- Born: Herman Krasnow February 15, 1910 Hartford, Connecticut
- Died: April 23, 1984 (aged 74) Miami, Florida
- Other names: Hecky Krasno
- Occupations: violinist, record producer
- Known for: work with Gene Autry ("Rudolph the Red-Nosed Reindeer") and Frank Buck
- Spouse: Lillian Drucker Krasnow

= Hecky Krasnow =

American songwriter (1910–1984)

Herman "Hecky" Krasnow, sometimes given as Hecky Krasno, (February 15, 1910 – April 23, 1984) was a record producer of "Rudolph the Red-Nosed Reindeer", "Frosty the Snowman", and the Frank Buck recording Tiger.

==Early years==
Krasnow was born in Hartford, Connecticut, son of Harry Krasnow, founder of the National Iron Works (later National Steel Products), and Sarah Wohl Krasnow. Hecky Krasnow studied violin at the Juilliard School under Leopold Auer. He was a talented violinist, highly praised for the range of his repertoire.

==Record producer==
Krasnow was a producer for Columbia Records from 1949 to 1956, when he became a free-lance writer and producer.

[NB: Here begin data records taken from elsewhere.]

Lemma bounded_lipschitz2_pow (f : R -> R -> R) (n : nat) :
  bounded_lipschitz2 f -> bounded_lipschitz2 (fun x y => f x y ^ n).
Proof.
  intros Hf; induction n as [| n IH]; simpl.
  - apply bounded_lipschitz2_const.
  - exact (bounded_lipschitz2_mult f (fun x y => f x y ^ n) Hf IH).
Qed.

Lemma lipschitz2_attains_max (f : R -> R -> R) (a b c d : R) :
  a <= b -> c <= d -> lipschitz2 f ->
  exists x0 y0, a <= x0 <= b /\ c <= y0 <= d /\
    forall x y, a <= x <= b -> c <= y <= d -> f x y <= f x0 y0.
Proof.
  intros Hab Hcd [K HK].
  assert (Hsection : forall x, exists y,
             (forall y', c <= y' <= d -> f x y' <= f x y) /\ c <= y <= d).
  { intros x; apply continuity_ab_maj; [exact Hcd |].
    intros y _; apply lipschitz_continuity_pt with K; intros y1 y2.
    specialize (HK x y1 x y2); rewrite Rminus_diag, Rabs_R0, Rplus_0_l in HK; exact HK. }
  destruct (choice _ Hsection) as [m Hm].
  assert (Henvelope : forall x x', Rabs (f x (m x) - f x' (m x')) <= K * Rabs (x - x')).
  { intros x x'.
    destruct (Hm x) as [Mx Ix]; destruct (Hm x') as [Mx' Ix'].
    specialize (Mx (m x') Ix'); specialize (Mx' (m x) Ix).
    pose proof (HK x (m x) x' (m x)) as H1; pose proof (HK x' (m x') x (m x')) as H2.
    rewrite Rminus_diag, Rabs_R0, Rplus_0_r in H1, H2; rewrite (Rabs_minus_sym x' x) in H2.
    pose proof (Rle_abs (f x (m x) - f x' (m x))).
    pose proof (Rle_abs (f x' (m x') - f x (m x'))).
    apply Rabs_le; lra. }
  destruct (continuity_ab_maj (fun x => f x (m x)) a b Hab) as [x0 [Hx0 Ix0]].
  { intros x _; exact (lipschitz_continuity_pt _ K Henvelope x). }
  exists x0, (m x0); destruct (Hm x0) as [_ Iy0]; repeat split; try lra.
  intros x y Ix Iy; destruct (Hm x) as [Mx _].
  specialize (Mx y Iy); specialize (Hx0 x Ix); simpl in Hx0; lra.
Qed.

Ltac lipschitz2_phase :=
  repeat first [ apply lipschitz2_minus | apply lipschitz2_plus
               | apply lipschitz2_fst | apply lipschitz2_snd ].

Ltac bounded_lipschitz2_trig :=
  repeat first
    [ apply bounded_lipschitz2_minus | apply bounded_lipschitz2_plus
    | apply bounded_lipschitz2_mult | apply bounded_lipschitz2_opp
    | apply bounded_lipschitz2_pow
    | apply bounded_lipschitz2_cos; lipschitz2_phase
    | apply bounded_lipschitz2_sin; lipschitz2_phase
    | apply bounded_lipschitz2_const ].

Lemma Fdisc_bounded_lipschitz2 (S : Mat4) (eps : R) :
  bounded_lipschitz2 (Fdisc S eps).
Proof.
  unfold Fdisc, pcoef, qcoef, Cmul, Cadd, Csub, Cconj, Cnorm2, expi; simpl.
  bounded_lipschitz2_trig.
Qed.

Lemma Fdisc_congr_l (S : Mat4) (eps x x' y : R) :
  cos x = cos x' -> sin x = sin x' -> Fdisc S eps x y = Fdisc S eps x' y.
Proof.
  intros Hc Hs; unfold Fdisc, pcoef, qcoef, Cmul, Cadd, Csub, Cconj, Cnorm2, expi; simpl.
  now rewrite !cos_plus, !sin_plus, !cos_minus, !sin_minus, Hc, Hs.
Qed.

Lemma Fdisc_congr_r (S : Mat4) (eps x y y' : R) :
  cos y = cos y' -> sin y = sin y' -> Fdisc S eps x y = Fdisc S eps x y'.
Proof.
  intros Hc Hs; unfold Fdisc, pcoef, qcoef, Cmul, Cadd, Csub, Cconj, Cnorm2, expi; simpl.
  now rewrite !cos_plus, !sin_plus, !cos_minus, !sin_minus, Hc, Hs.
Qed.

Lemma in_dom_representative (t : R) :
  - PI <= t <= PI -> exists t', in_dom t' /\ cos t = cos t' /\ sin t = sin t'.
Proof.
  intros Ht; pose proof PI_RGT_0; unfold in_dom.
  destruct (Req_dec t (- PI)) as [-> | Hne].
  - exists PI; rewrite cos_neg, sin_neg, sin_PI; repeat split; lra.
  - exists t; repeat split; lra.
Qed.

Definition quarter_turns : list R := [0; PI / 2; PI; - (PI / 2)].

Lemma quarter_turns_bounds (t : R) : In t quarter_turns -> - PI <= t <= PI.
Proof.
  pose proof PI_RGT_0; simpl; intros [<- | [<- | [<- | [<- | []]]]]; lra.
Qed.

Definition quarter_turn_grid_sum (F : R -> R -> R) : R :=
  fold_right Rplus 0 (map (fun t => F (fst t) (snd t)) (list_prod quarter_turns quarter_turns)).

Lemma Fdisc_quarter_turn_grid_sum (S : Mat4) (eps : R) :
  quarter_turn_grid_sum (Fdisc S eps)
  = 4 * (re (S 1 1)%nat + re (S 2 2)%nat - re (S 3 3)%nat - re (S 4 4)%nat) ^ 2
    + 8 * eps ^ 2 * (Cnorm2 (S 1 2)%nat + Cnorm2 (S 3 4)%nat)
    + 16 * (Cnorm2 (S 1 3)%nat + Cnorm2 (S 1 4)%nat + Cnorm2 (S 2 3)%nat + Cnorm2 (S 2 4)%nat).
Proof.
  unfold quarter_turn_grid_sum, quarter_turns, Fdisc, pcoef, qcoef,
    Cmul, Cadd, Csub, Cconj, Cnorm2, expi; simpl.
  rewrite ?cos_plus, ?sin_plus, ?cos_minus, ?sin_minus,
    ?cos_neg, ?sin_neg, ?cos_PI2, ?sin_PI2, ?cos_PI, ?sin_PI, ?cos_0, ?sin_0.
  field.
Qed.

Lemma Cnorm2_nonneg (z : Cx) : 0 <= Cnorm2 z.
Proof. unfold Cnorm2; nra. Qed.

Lemma Fdisc_quarter_turn_grid_sum_nonneg (S : Mat4) (eps : R) :
  0 <= quarter_turn_grid_sum (Fdisc S eps).
Proof.
  rewrite Fdisc_quarter_turn_grid_sum.
  pose proof (Cnorm2_nonneg (S 1 2)%nat); pose proof (Cnorm2_nonneg (S 3 4)%nat).
  pose proof (Cnorm2_nonneg (S 1 3)%nat); pose proof (Cnorm2_nonneg (S 1 4)%nat).
  pose proof (Cnorm2_nonneg (S 2 3)%nat); pose proof (Cnorm2_nonneg (S 2 4)%nat).
  pose proof (pow2_ge_0 eps).
  pose proof (pow2_ge_0 (re (S 1 1)%nat + re (S 2 2)%nat - re (S 3 3)%nat - re (S 4 4)%nat)).
  nra.
Qed.

Lemma fold_right_Rplus_le (l : list R) (m : R) :
  (forall x, In x l -> x <= m) -> fold_right Rplus 0 l <= INR (length l) * m.
Proof.
  induction l as [| x l IH]; cbn [fold_right length]; intros Hl; [simpl; lra |].
  rewrite S_INR, Rmult_plus_distr_r, Rmult_1_l.
  assert (x <= m) by (apply Hl; left; reflexivity).
  assert (fold_right Rplus 0 l <= INR (length l) * m) by (apply IH; intros; apply Hl; right; assumption).
  lra.
Qed.

Lemma quarter_turn_grid_sum_le (F : R -> R -> R) (m : R) :
  (forall x y, - PI <= x <= PI -> - PI <= y <= PI -> F x y <= m) ->
  quarter_turn_grid_sum F <= 16 * m.
Proof.
  intros HF; unfold quarter_turn_grid_sum.
  eapply Rle_trans; [apply fold_right_Rplus_le |].
  - intros z Hz; apply in_map_iff in Hz as [[x y] [<- Hxy]].
    apply in_prod_iff in Hxy as [Hx Hy].
    apply HF; apply quarter_turns_bounds; assumption.
  - simpl; right; ring.
Qed.

Theorem mainTheorem11 (S : Mat4) (eps : R) :
  Hermitian4 S -> (eps = 1 \/ eps = -1) ->
  exists t1 t2 : R, in_dom t1 /\ in_dom t2 /\
    (forall u1 u2 : R, in_dom u1 -> in_dom u2 -> Fdisc S eps u1 u2 <= Fdisc S eps t1 t2) /\
    0 <= Fdisc S eps t1 t2.
Proof.
  intros _ _; pose proof PI_RGT_0.
  destruct (Fdisc_bounded_lipschitz2 S eps) as [_ Hlip].
  destruct (lipschitz2_attains_max (Fdisc S eps) (- PI) PI (- PI) PI
              ltac:(lra) ltac:(lra) Hlip) as [x0 [y0 [Hx0 [Hy0 Hmax]]]].
  destruct (in_dom_representative x0 Hx0) as [t1 [Ht1 [Hc1 Hs1]]].
  destruct (in_dom_representative y0 Hy0) as [t2 [Ht2 [Hc2 Hs2]]].
  assert (Hval : Fdisc S eps t1 t2 = Fdisc S eps x0 y0).
  { now rewrite (Fdisc_congr_l S eps x0 t1 y0 Hc1 Hs1), (Fdisc_congr_r S eps t1 y0 t2 Hc2 Hs2). }
  exists t1, t2; split; [exact Ht1 | split; [exact Ht2 | split]]; rewrite Hval.
  - intros u1 u2 [? ?] [? ?]; apply Hmax; lra.
  - pose proof (Fdisc_quarter_turn_grid_sum_nonneg S eps).
    pose proof (quarter_turn_grid_sum_le (Fdisc S eps) _ Hmax).
    lra.
Qed.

His compositions included "Rendezvous d'Amour", "I Just Can't Wait 'Til Christmas" and "The Happy Cobbler". He was the producer of the Columbia recordings of "Rudolph the Red-Nosed Reindeer" and "Frosty the Snowman", sung by Gene Autry; the songs of Burl Ives and Captain Kangaroo, "The Ballad of Davy Crockett" and "Smokey the Bear". He also produced "I'm Gettin' Nuttin' for Christmas" and "I Saw Mommy Kissing Santa Claus". Krasnow worked with Gene Kelly, Jackie Robinson, Rosemary Clooney ("Come On-a My House"), Dinah Shore, Nina Simone, Art Carney, Jose Ferrer, and Arthur Godfrey. He also produced the first LP by the Chad Mitchell Trio on Colpix (At New York City's Blue Angel club, he is listed as producer on the LP back cover).

==Work with Frank Buck==
In 1950, Krasnow wrote and produced the Frank Buck recording Tiger.

==Later years==
Krasnow died aged 74 in Miami, Florida.

==Biography==
Krasnow's daughter, Judy Gail Krasnow, has written a biography of her father.